I’ve made this point countless times on Twitter and, more often than not, been told to stop playing the race card. This has come from people who have no idea, or chose to ignore, the fact I am qualified to speak on this topic, partly because of my upbringing – someone who was raised by a white mother and had only white friends but was made to feel an outcast because of my negro features – and partly because I have been there both as a footballer and as a broadcaster. I, too, bought my mum a council house when I could afford to do so and have also seen my career after retiring as a player suffer as a consequence of my outspoken nature.
As far as the British media are concerned, someone who looks like me is not allowed to talk like me. I’m dangerous, not to be trusted and tolerated. Of course it’s OK for Roy Keane to be outspoken and controversial. If anything, he’s not controversial enough. But me – no, it’s not accepted. Hence me finding myself off screens and radios in my own country and having to work instead in Russia.

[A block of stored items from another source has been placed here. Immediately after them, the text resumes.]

(* Let $X,Y$ be topological spaces, $U$ an abelian group, $f\colon[X,Y]\to U$ a map, and $\bar f\colon\mathbb Z[[X,Y]]\to U$ the homomorphism with $\bar f(e_w)=f(w)$. For $r\in\mathbb N$, the condition $\operatorname{ord}f\le r$ is equivalent to: $\bar f([A])=0$ for every $A\in\mathbb Z[C(X,Y)]$ with $\theta(A)>r$.
   Context: $\mathbb Z[S]$ is the free abelian group on a set $S$ with basis $e_x$. For $A=\sum m_ae_a\in\mathbb Z[C(X,Y)]$, $[A]=\sum m_ae_{[a]}\in\mathbb Z[[X,Y]]$, $A|_V=\sum m_ae_{a|_V}$, and $\theta(A)=\inf\{\#V:V\subset X\text{ finite},A|_V\ne0\}$. Order: let $E_r$ be the group of functions $(X\times Y)^r\to\mathbb Z$, $I_r(a)$ the characteristic function of $\Gamma_a^r$ ($\Gamma_a$ the graph of $a$), $D_r\subset E_r$ the subgroup generated by all $I_r(a)$; $\operatorname{ord}f$ is the infimum of $r\in\mathbb N$ such that there is a homomorphism $l\colon D_r\to U$ with $f([a])=l(I_r(a))$ for all $a\in C(X,Y)$. *)

From HB Require Import structures.
From mathcomp Require Import all_boot all_order all_algebra.
From mathcomp Require Import all_classical all_reals.
From mathcomp Require Import topology.
From mathcomp Require Import Rstruct Rstruct_topology.

Set Implicit Arguments.
Unset Strict Implicit.
Unset Printing Implicit Defensive.
Import Order.TTheory GRing.Theory Num.Theory.
Local Open Scope ring_scope.
Local Open Scope classical_set_scope.

Section Defs.
Variables (X Y : topologicalType).

Definition CXY := continuousType X Y.

Definition homotopic (a b : CXY) : Prop :=
  exists H : X * Rdefinitions.R -> Y,
    {within [set: X] `*` [set` `[0%R, 1%R]], continuous H} /\
    (forall x, H (x, 0%R) = a x) /\ (forall x, H (x, 1%R) = b x).

(* Elements of Z[C(X,Y)] represented as formal sums  sum m_a e_a,
   i.e. finite lists of pairs (m_a, a). *)
Definition formal := seq (int * CXY).

Definition fbar (U : zmodType) (f : CXY -> U) (A : formal) : U :=
  \sum_(c <- A) (f c.2 *~ c.1).

Definition agree_on (V : seq X) (a g : X -> Y) : bool :=
  `[< forall x, x \in V -> a x = g x >].

(* A|_V = 0 in Z[C(V,Y)]: for every map g : V -> Y (given as a map on X,
   only its values on V matter), the coefficient of e_g in A|_V vanishes. *)
Definition restr_zero (A : formal) (V : seq X) : Prop :=
  forall g : X -> Y, \sum_(c <- A | agree_on V c.2 g) c.1 = 0.

(* theta(A) > r : every finite V subset X (a duplicate-free list) with
   A|_V <> 0 has more than r elements. *)
Definition theta_gt (A : formal) (r : nat) : Prop :=
  forall V : seq X, uniq V -> ~ restr_zero A V -> (r < size V)%N.

Definition tupr (r : nat) := 'I_r -> X * Y.
Definition Er (r : nat) := tupr r -> int.

Definition Ir (r : nat) (a : X -> Y) : Er r :=
  fun p => if `[< forall i, (p i).2 = a (p i).1 >] then 1 else 0.

(* D_r : subgroup of E_r generated by the I_r(a), a in C(X,Y)
   (= the set of all finite Z-linear combinations). *)
Definition Dr (r : nat) : set (Er r) :=
  fun u => exists s : formal, u = fun p => \sum_(c <- s) c.1 * @Ir r c.2 p.

(* There is a homomorphism l : D_r -> U with f([a]) = l(I_r(a)).
   A homomorphism on D_r is given as a map on E_r additive on D_r. *)
Definition order_witness (U : zmodType) (f : CXY -> U) (r : nat) : Prop :=
  exists l : Er r -> U,
    (forall u v, Dr u -> Dr v -> l (fun p => u p + v p) = l u + l v) /\
    (forall a : CXY, f a = l (@Ir r a)).

(* ord f <= r, with ord f the infimum in N u {oo} of such r. *)
Definition ord_le (U : zmodType) (f : CXY -> U) (r : nat) : Prop :=
  exists r', (r' <= r)%N /\ order_witness f r'.

End Defs.

From HB Require Import structures.
From mathcomp Require Import all_boot all_order all_algebra.
From mathcomp Require Import all_classical all_reals.
From mathcomp Require Import topology.
Set Implicit Arguments.
Unset Strict Implicit.
Unset Printing Implicit Defensive.
Import GRing.Theory.
Local Open Scope ring_scope.

(* For a formal sum A, the function I_r(A) = sum m_a I_r(a) on (X x Y)^r
   vanishes at a tuple p unless p lies on the graph of some g : X -> Y, and
   then its value is the coefficient of g|_V in A|_V, V being the set of first
   coordinates of p.  Every finite V of size at most r arises this way (except
   V = {} when r > 0, which is reduced to a one-point V), so theta(A) > r
   exactly when I_r(A) = 0, and the same vanishing follows for every r' <= r.
   Hence fbar kills all A with theta(A) > r iff it factors through
   A |-> I_r(A), i.e. through a homomorphism on D_r; when X is empty one has to
   use r' = 0 instead, since then I_r(A) = 0 for every r > 0. *)

Lemma mulrzfctE (T : Type) (M : zmodType) (g : T -> M) (m : int) :
  g *~ m = (fun x => g x *~ m).
Proof.
case: m => n; first exact: natmulfctE.
by rewrite NegzE !mulrNz -!pmulrn opprfctE natmulfctE.
Qed.

Section AdditiveOn.
Variables (V W : zmodType) (S : set V) (l : V -> W).
Hypotheses (S0 : S 0) (SB : forall u v, S u -> S v -> S (u - v)).
Hypothesis lD : forall u v, S u -> S v -> l (u + v) = l u + l v.

Lemma S_opp u : S u -> S (- u).
Proof. by rewrite -sub0r; apply: SB. Qed.

Lemma S_add u v : S u -> S v -> S (u + v).
Proof. by move=> Su Sv; rewrite -[v]opprK; apply/SB/S_opp. Qed.

Lemma S_mulrn u n : S u -> S (u *+ n).
Proof.
by move=> Su; elim: n => [|n IHn]; rewrite ?mulr0n // mulrS; apply: S_add.
Qed.

Lemma S_mulrz u m : S u -> S (u *~ m).
Proof.
move=> Su; case: m => n; rewrite ?NegzE ?mulrNz; last apply: S_opp.
all: exact: S_mulrn.
Qed.

Lemma additive_on0 : l 0 = 0.
Proof. by apply: (@addrI _ (l 0)); rewrite -lD // !addr0. Qed.

Lemma additive_onN u : S u -> l (- u) = - l u.
Proof.
move=> Su; apply/eqP; rewrite -addr_eq0 -lD ?addNr ?additive_on0 //.
exact: S_opp.
Qed.

Lemma additive_onMn u n : S u -> l (u *+ n) = l u *+ n.
Proof.
move=> Su; elim: n => [|n IHn]; first by rewrite !mulr0n additive_on0.
by rewrite !mulrS lD ?IHn //; apply: S_mulrn.
Qed.

Lemma additive_onMz u m : S u -> l (u *~ m) = l u *~ m.
Proof.
move=> Su; case: m => n; first exact: additive_onMn.
by rewrite NegzE !mulrNz additive_onN ?additive_onMn //; apply: S_mulrn.
Qed.

Lemma additive_on_sum (I : Type) (s : seq I) (F : I -> V) :
  (forall i, S (F i)) -> l (\sum_(i <- s) F i) = \sum_(i <- s) l (F i).
Proof.
move=> SF; elim: s => [|i s IHs]; first by rewrite !big_nil additive_on0.
by rewrite !big_cons lD ?IHs //; apply: big_ind => //; apply: S_add.
Qed.

End AdditiveOn.

Section GraphIndicators.
Variables (X Y : topologicalType).

Definition Irsum (r : nat) (A : formal X Y) : Er X Y r :=
  fun p => \sum_(c <- A) c.1 * Ir c.2 p.
Arguments Irsum : clear implicits.

Definition formal_opp (A : formal X Y) : formal X Y :=
  [seq (- c.1, c.2) | c <- A].

Lemma Irsum_cat r s t : Irsum r (s ++ t) = Irsum r s + Irsum r t.
Proof. by apply/funext => p; rewrite /Irsum big_cat. Qed.

Lemma Irsum_opp r s : Irsum r (formal_opp s) = - Irsum r s.
Proof.
apply/funext => p; rewrite opprfctE /Irsum big_map -sumrN.
by apply: eq_bigr => c _; rewrite mulNr.
Qed.

Lemma IrsumE r s : Irsum r s = \sum_(c <- s) Ir c.2 *~ c.1.
Proof.
apply/funext => p; rewrite fct_sumE /Irsum.
by apply: eq_bigr => c _; rewrite mulrzfctE mulrzz mulrC.
Qed.

Lemma fbar_cat (U : zmodType) (f : CXY X Y -> U) s t :
  fbar f (s ++ t) = fbar f s + fbar f t.
Proof. by rewrite /fbar big_cat. Qed.

Lemma fbar_opp (U : zmodType) (f : CXY X Y -> U) s :
  fbar f (formal_opp s) = - fbar f s.
Proof.
by rewrite /fbar big_map -sumrN; apply: eq_bigr => c _; rewrite mulrNz.
Qed.

Lemma Dr0 r : Dr (0 : Er X Y r).
Proof. by exists [::]; apply/funext => p; rewrite big_nil. Qed.

Lemma Dr_sub r (u v : Er X Y r) : Dr u -> Dr v -> Dr (u - v).
Proof.
move=> [s ->] [t ->]; exists (s ++ formal_opp t).
by rewrite -[RHS]/(Irsum r _) Irsum_cat Irsum_opp.
Qed.

Lemma Ir_Irsum r (a : CXY X Y) : Ir a = Irsum r [:: (1, a)].
Proof. by apply/funext => p; rewrite /Irsum big_seq1 mul1r. Qed.

Lemma Dr_Ir r (a : CXY X Y) : Dr (@Ir X Y r a).
Proof. by rewrite Ir_Irsum; exists [:: (1, a)]. Qed.

Lemma fbar_witness (U : zmodType) (f : CXY X Y -> U) r (l : Er X Y r -> U) :
  (forall u v, Dr u -> Dr v -> l (fun p => u p + v p) = l u + l v) ->
  (forall a : CXY X Y, f a = l (Ir a)) ->
  forall A, fbar f A = l (Irsum r A).
Proof.
move=> ladd lf A; have DrB := @Dr_sub r.
rewrite IrsumE (additive_on_sum (Dr0 r) DrB ladd) => [|c]; last first.
  exact/(S_mulrz (Dr0 r) DrB)/Dr_Ir.
apply: eq_bigr => c _.
by rewrite lf (additive_onMz (Dr0 r) DrB ladd) //; apply: Dr_Ir.
Qed.

Lemma order_witness_of_kernel (U : zmodType) (f : CXY X Y -> U) r :
  (forall A, Irsum r A = 0 -> fbar f A = 0) -> order_witness f r.
Proof.
move=> fbar_ker.
have fbar_wd s t : Irsum r s = Irsum r t -> fbar f s = fbar f t.
  move=> st; apply/eqP; rewrite -subr_eq0 -fbar_opp -fbar_cat; apply/eqP.
  by apply: fbar_ker; rewrite Irsum_cat Irsum_opp st subrr.
pose l u := if pselect (exists s, u = Irsum r s) is left h
  then fbar f (projT1 (cid h)) else 0.
have lE s : l (Irsum r s) = fbar f s.
  rewrite /l; case: pselect => [h|[]]; last by exists s.
  by case: (cid h) => t /= /esym /fbar_wd.
exists l; split.
  move=> _ _ [s ->] [t ->].
  by rewrite -[X in l X]/(Irsum r s + Irsum r t) -Irsum_cat !lE fbar_cat.
by move=> a; rewrite Ir_Irsum lE /fbar big_seq1 mulr1z.
Qed.

Lemma agree_on_eq_mem (V W : seq X) : V =i W -> @agree_on X Y V =2 agree_on W.
Proof.
move=> VW a g; apply/asboolP/asboolP => agr x; last by rewrite VW; apply: agr.
by rewrite -VW; apply: agr.
Qed.

Lemma restr_zero_eq_mem (A : formal X Y) (V W : seq X) :
  V =i W -> restr_zero A V -> restr_zero A W.
Proof.
move=> VW AV g; rewrite -[RHS](AV g).
by apply: eq_bigl => c; rewrite (agree_on_eq_mem VW).
Qed.

Lemma Irsum_graph r (A : formal X Y) (p : tupr X Y r) (g : X -> Y) :
  (forall i, (p i).2 = g (p i).1) ->
  Irsum r A p =
    \sum_(c <- A | agree_on [seq (p i).1 | i <- enum 'I_r] c.2 g) c.1.
Proof.
move=> pg; rewrite big_mkcond; apply: eq_bigr => c _.
have graphE : (forall i, (p i).2 = c.2 (p i).1) <->
    (forall x, x \in [seq (p i).1 | i <- enum 'I_r] -> c.2 x = g x).
  split=> [cp _ /mapP[i _ ->] | cg i]; first by rewrite -cp pg.
  by rewrite pg cg //; apply: (map_f (fun j => (p j).1)); rewrite mem_enum.
rewrite /Ir /agree_on (asbool_equiv_eq graphE).
by case: `[< _ >]; rewrite ?mulr1 ?mulr0.
Qed.

Lemma Irsum_not_graph r (A : formal X Y) (p : tupr X Y r) :
  (forall g : X -> Y, ~ forall i, (p i).2 = g (p i).1) -> Irsum r A p = 0.
Proof.
by move=> np; rewrite /Irsum big1 // => c _; rewrite /Ir asboolF ?mulr0.
Qed.

Lemma restr_zero_of_theta_gt (A : formal X Y) r (V : seq X) :
  theta_gt A r -> (size V <= r)%N -> restr_zero A V.
Proof.
move=> thA Vr; apply: (restr_zero_eq_mem (mem_undup V)); apply: contrapT => nz.
have := thA _ (undup_uniq V) nz.
by rewrite ltnNge (leq_trans (size_undup V) Vr).
Qed.

Lemma Irsum_eq0 r' r (A : formal X Y) :
  (r' <= r)%N -> theta_gt A r -> Irsum r' A = 0.
Proof.
move=> r'r thA; apply/funext => p.
have [[g pg] | np] :=
  pselect (exists g : X -> Y, forall i, (p i).2 = g (p i).1).
  rewrite (Irsum_graph _ pg) (restr_zero_of_theta_gt thA) //.
  by rewrite size_map size_enum_ord.
by rewrite Irsum_not_graph // => g pg; apply: np; exists g.
Qed.

Lemma restr_zero_of_Irsum r (A : formal X Y) (V : seq X) :
  Irsum r A = 0 -> (0 < size V <= r)%N -> restr_zero A V.
Proof.
case: V => [//|x0 V] A0 /andP[_ Vr] g; set W := x0 :: V.
pose p : tupr X Y r := fun i => (nth x0 W i, g (nth x0 W i)).
have pW : [seq (p i).1 | i <- enum 'I_r] =i W.
  move=> x; apply/mapP/idP => [[i _ ->] | xW] /=.
    have [iW|Wi] := ltnP i (size W); first exact: mem_nth.
    by rewrite nth_default ?mem_head.
  have xr : (index x W < r)%N by rewrite (leq_trans _ Vr) ?index_mem.
  by exists (Ordinal xr); rewrite ?mem_enum //= nth_index.
transitivity (Irsum r A p); last by rewrite A0.
rewrite (@Irsum_graph _ _ _ g) //.
by apply: eq_bigl => c; rewrite (agree_on_eq_mem pW).
Qed.

Lemma restr_zero_nil_of_Irsum (A : formal X Y) :
  Irsum 0 A = 0 -> restr_zero A [::].
Proof.
move=> A0 g; have p : tupr X Y 0 by case.
transitivity (Irsum 0 A p); last by rewrite A0.
rewrite (@Irsum_graph _ _ _ g) => [|[]//].
apply: eq_bigl => c; congr agree_on.
by apply/esym/size0nil; rewrite size_map size_enum_ord.
Qed.

Lemma restr_zero_nil (x : X) (A : formal X Y) :
  restr_zero A [:: x] -> restr_zero A [::].
Proof.
move=> Ax g; set L := undup [seq (c.2 : X -> Y) x | c : int * CXY X Y <- A].
have agree_x (c : int * CXY X Y) (y : Y) :
    agree_on [:: x] c.2 (fun=> y) = (c.2 x == y).
  apply/asboolP/eqP => [-> // | cxy z]; first exact: mem_head.
  by rewrite inE => /eqP ->.
rewrite (eq_bigl xpredT) => [|c]; last by apply/asboolP.
transitivity (\sum_(c <- A) \sum_(y <- L | y == c.2 x) c.1).
  apply: eq_big_seq => c cA; rewrite -big_filter filter_pred1_uniq.
  - by rewrite big_seq1.
  - exact: undup_uniq.
  by rewrite mem_undup; apply: (map_f (fun d : int * CXY X Y => d.2 x)).
rewrite (exchange_big_dep xpredT) // big1_seq // => y _.
rewrite -[RHS](Ax (fun=> y)).
by apply: eq_bigl => c; rewrite agree_x eq_sym.
Qed.

Lemma theta_gt_of_Irsum (x0 : X) r (A : formal X Y) :
  Irsum r A = 0 -> theta_gt A r.
Proof.
move=> A0 V _ nz; rewrite ltnNge; apply/negP => Vr; apply: nz.
case: V Vr => [|x V] Vr; first last.
  by apply: restr_zero_of_Irsum A0 _; rewrite Vr.
case: r A0 {Vr} => [|r] A0; first exact: restr_zero_nil_of_Irsum.
by apply: (@restr_zero_nil x0); apply: restr_zero_of_Irsum A0 _.
Qed.

Lemma theta_gt_of_Irsum0 r (A : formal X Y) :
  (X -> False) -> Irsum 0 A = 0 -> theta_gt A r.
Proof.
move=> noX A0 [|x V] _ nz; last by case: (noX x).
by case: nz; apply: restr_zero_nil_of_Irsum.
Qed.

End GraphIndicators.

Theorem mainTheorem15 (X Y : topologicalType) (U : zmodType)
  (f : CXY X Y -> U)
  (hf : forall a b : CXY X Y, homotopic a b -> f a = f b)
  (r : nat) :
  ord_le f r <-> (forall A : formal X Y, theta_gt A r -> fbar f A = 0).
Proof.
split=> [[r' [r'r [l [ladd lf]]]] A thA | fbar0].
  rewrite (fbar_witness ladd lf) (Irsum_eq0 r'r thA).
  exact: (additive_on0 (@Dr0 _ _ r') ladd).
have [[x0 _] | noX] := pselect (exists x : X, True).
  exists r; split=> //; apply: order_witness_of_kernel => A.
  by move/(theta_gt_of_Irsum x0)/fbar0.
exists 0%N; split=> //; apply: order_witness_of_kernel => A.
by move/(theta_gt_of_Irsum0 r (fun x => noX (ex_intro _ x I)))/fbar0.
Qed.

Some people will call me paranoid or outright wrong but I’m not and I have recent proof of this. In June I did an interview with the Guardian in which I made similar points to those I’m making here – calling out racist attitudes in the media. Did anyone in the media pay attention, show sympathy or an appetite to change things? Of course they didn’t. Instead the whole thing was reduced to a “war of words” between Stan Collymore and Ian Wright, and of course “Wrighty” won because everyone loves “Wrighty”. He’s the guy with the cheeky grin and infectious laugh, while I’m the big, bad black man that’s not to be trusted. All of which ignores the fact Ian works for the Sun, a newspaper which has done as much as any other to vilify Sterling.
But that’s what always happens – the double standards and hypocrisy get swept under the carpet because nobody in this country, and in the media especially, actually wants to tackle race in this country. Everyone’s speaking about it now because one of our most famous, and brilliant, footballers has raised the issue, but it will soon be forgotten. If not tomorrow then certainly in the days and weeks that follow.
So thank you to all the white, middle-class media personalities in this country for showing you care. But until you actually turn your words into actions and get more BAME people into your organisations to make sure BAME coverage is fairer, kinder and more balanced, I don’t want to know. And, judging by his Instagram post, I’m pretty sure Raheem Sterling feels the same way.
I like how he made Sterling getting a load of really quite odd stick from some massive retards, whether they said "black" or "manc" all about him within 2 paragraphs.
Eaststand wrote:I like how he made Sterling getting a load of really quite odd stick from some massive retards, whether they said "black" or "manc" all about him within 2 paragraphs.
Yeah. I think he mentioned his former employers no less than 6 times. Kept banging on about quotas and nothing about the deafening silence from Chelsea FC.